One of the parameters accepted by these APIs is the path to the library that is wanted to be loaded. If the developer just specifies module name without a path, the operating system starts searching this module by looking in a number of known paths.
The attack is very simple and can be industrialized by a botnet. You only have to place a DLL with the same name as the program will be searching for in one of the places windows will be looking first. This means that if the programmer has installed the DLL in the third place windows will automatically search for it and didn't specify the full location of the DLL that the program has to launch, than all a malware coder has to do is to place a bit of code with the same name in the first or second place Windows will search for it and the program will launch it.
If he is smart he will start an update process and can start downloading other stuff during the so-called installation process. You can imagine that many users will simply click us to upgrade or extended because the alert seems to come from the program itself. Or he could install other functions later.
There will be at least 40 popular and important windows applications that could be vulnerable.
But if you will take every software into account it can be much more.
now if you have a software restriction policy you can be saved because you only have so many programs to watch out for updates. It means also that you will need a full update policy for all the programs you are using because it means that now that some popular programs are trying to get a securitypolicy together other usertools can also become the target if they made several mistake in the programming and architecture.
IT-Security is an ever moving field
THis one could become important for software. Curious if this would also work in Linux or Apple.
THis shows the importance of SDL secure Development Lifecycle and the test phases that have to be set up during it.

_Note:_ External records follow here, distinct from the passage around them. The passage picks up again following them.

(* Let $k$ be a positive integer and let $\zeta$ be a primitive $2k$-th root of unity. Let $Q_k$ denote the set of quasipolarities of $\mathbb{Z}/2k\mathbb{Z}$. Then \[ \sum_{\pi\in Q_{k}}\prod_{j=0}^{2k-1}\frac{1+\zeta^{j-\pi(j)}}{1-\zeta^{j-\pi(j)}} = [2\mid k]\,(|Q_{2k}|-|Q_{k}|) = [2\mid k]\,(s_{1}^{*}(2k)-s_{1}^{*}(k)), \] where $[2\mid k]$ equals $1$ if $k$ is even and $0$ if $k$ is odd.
   Context: The affine general linear group $\overrightarrow{GL}(\mathbb{Z}/m\mathbb{Z})$ consists of the maps $e^{u}.v:\mathbb{Z}/m\mathbb{Z}\to\mathbb{Z}/m\mathbb{Z}$, $x\mapsto vx+u$, with $u\in\mathbb{Z}/m\mathbb{Z}$ and $v\in(\mathbb{Z}/m\mathbb{Z})^{\times}$. For a positive integer $k$, $Q_k$ is the set of quasipolarities of $\mathbb{Z}/2k\mathbb{Z}$, i.e. elements $\pi\in\overrightarrow{GL}(\mathbb{Z}/2k\mathbb{Z})$ that are involutions ($\pi\circ\pi=\mathrm{id}$) and derangements ($\pi(x)\neq x$ for all $x$); thus $Q_{2k}$ is the corresponding set for $\mathbb{Z}/4k\mathbb{Z}$. Elements $j\in\{0,\dots,2k-1\}$ are identified with residues mod $2k$; the exponent $j-\pi(j)$ is taken mod $2k$ (well defined since $\zeta^{2k}=1$), and denominators are nonzero because $\pi$ is a derangement. A divisor $d$ of $n$ is unitary if $\gcd(d,n/d)=1$, and $s_1^{*}(n)$ denotes the sum of the unitary divisors of $n$. *)

From mathcomp Require Import all_boot all_order all_algebra all_field.
Set Implicit Arguments. Unset Strict Implicit. Unset Printing Implicit Defensive.
(* Let $R$ and $H$ be hyperdomains, $X=\operatorname{Spec}R$ and $Y=\operatorname{Spec}H$ with their structure sheaves $\mathcal{O}_X,\mathcal{O}_Y$. Then there is a natural bijection \[\operatorname{Hom}(R,H)\cong\operatorname{Hom}(Y,X)\] between homomorphisms of hyperrings $R\to H$ and morphisms of locally hyperringed spaces $(Y,\mathcal{O}_Y)\to(X,\mathcal{O}_X)$; a homomorphism $\varphi$ corresponds to the morphism with underlying map $\mathfrak{p}\mapsto\varphi^{-1}(\mathfrak{p})$, and a morphism to the homomorphism obtained on global sections.
   Context: Hyperring: a set with a hyperoperation $+$ into nonempty subsets (extended to subsets by $A+B=\bigcup a+b$) making $(R,+,0)$ a canonical hypergroup (commutative, associative, unique $0$ with $0+x=\{x\}$, unique $-x$ with $0\in x+(-x)$, $x\in y+z\iff z\in x+(-y)$), and a commutative monoid $(R,\cdot,1)$, with $x(y+z)=xy+xz$, $0x=0$, $0\ne1$. Homomorphisms satisfy $\varphi(a+b)\subseteq\varphi(a)+\varphi(b)$, $\varphi(ab)=\varphi(a)\varphi(b)$. A hyperdomain has no zero-divisors. Hyperideals, primes, $\operatorname{Spec}$ with the Zariski topology and $D(f)$ are as for rings. Localization $T^{-1}R$ at a multiplicative submonoid $T$: pairs modulo $(r_1,t_1)\sim(r_2,t_2)\iff xr_1t_2=xr_2t_1$ for some $x\in T$, with $\frac{r_1}{t_1}+\frac{r_2}{t_2}=\{\frac y{t_1t_2}\mid y\in r_1t_2+t_1r_2\}$; $R_\mathfrak{p}=(R\setminus\mathfrak{p})^{-1}R$ has a unique maximal hyperideal. The structure sheaf: $\mathcal{O}_X(U)$ is the set of maps $s:U\to\bigsqcup_{\mathfrak{p}\in U}R_\mathfrak{p}$, $s(\mathfrak{p})\in R_\mathfrak{p}$, locally of the form $\mathfrak{q}\mapsto\frac af$ with $f\notin\mathfrak{q}$, with pointwise multiplication and $s+t=\{r\mid r(\mathfrak{p})\in s(\mathfrak{p})+t(\mathfrak{p})\ \forall\mathfrak{p}\}$; for a hyperdomain this is a sheaf of hyperrings with $\mathcal{O}_X(X)\cong R$ and stalks $\mathcal{O}_{X,\mathfrak{p}}\cong R_\mathfrak{p}$. A morphism of locally hyperringed spaces $(Y,\mathcal{O}_Y)\to(X,\mathcal{O}_X)$ is a pair $(f,f^\#)$ of a continuous map $f:Y\to X$ and a morphism of sheaves of hyperrings $f^\#:\mathcal{O}_X\to f_*\mathcal{O}_Y$ (hyperring homomorphisms compatible with restrictions) such that each induced stalk map $\mathcal{O}_{X,f(\mathfrak{p})}\to\mathcal{O}_{Y,\mathfrak{p}}$ is local, i.e. the preimage of the maximal hyperideal is the maximal hyperideal. *)

From Stdlib Require Import Classical FunctionalExtensionality PropExtensionality.
Set Implicit Arguments.
Unset Strict Implicit.

(* Hyperrings (Krasner-style).  [hadd x y z] means  z \in x + y.       *)
Record hyperring := HyperRing {
  hcar :> Type;
  hadd : hcar -> hcar -> hcar -> Prop;
  hmul : hcar -> hcar -> hcar;
  hzero : hcar;
  hone : hcar;
  hneg : hcar -> hcar;
  hadd_nonempty : forall x y, exists z, hadd x y z;
  hadd_comm : forall x y z, hadd x y z <-> hadd y x z;
  hadd_assoc : forall x y w u,
      (exists v, hadd x y v /\ hadd v w u) <-> (exists v, hadd y w v /\ hadd x v u);
  hadd_0l : forall x z, hadd hzero x z <-> z = x;
  hadd_zero_unique : forall e, (forall x z, hadd e x z <-> z = x) -> e = hzero;
  hadd_negr : forall x, hadd x (hneg x) hzero;
  hneg_unique : forall x y, hadd x y hzero -> y = hneg x;
  hadd_rev : forall x y z, hadd y z x <-> hadd x (hneg y) z;
  hmul_assoc : forall x y z, hmul x (hmul y z) = hmul (hmul x y) z;
  hmul_comm : forall x y, hmul x y = hmul y x;
  hmul_1l : forall x, hmul hone x = x;
  hmul_distr : forall x y z u,
      (exists w, hadd y z w /\ u = hmul x w) <-> hadd (hmul x y) (hmul x z) u;
  hmul_0l : forall x, hmul hzero x = hzero;
  hzero_neq_one : hzero <> hone
}.

Definition hyperdomain (R : hyperring) : Prop :=
  forall x y : R, hmul x y = hzero R -> x = hzero R \/ y = hzero R.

Did your progammers follow any course on that ? Are your outsourced development firms certified ?
Oh that would cost more.... How much would it cost to adapt you software if this attack becomes generic (this means that it becomes an attack independent of the software or the code like a bruteforce attack for example).
How much of your software has been tested for bugs ? And how many of those bugs have been corrected ?
You understand now why this can be such an important story equal to the DNS and the SSL bugs.... Wait and see.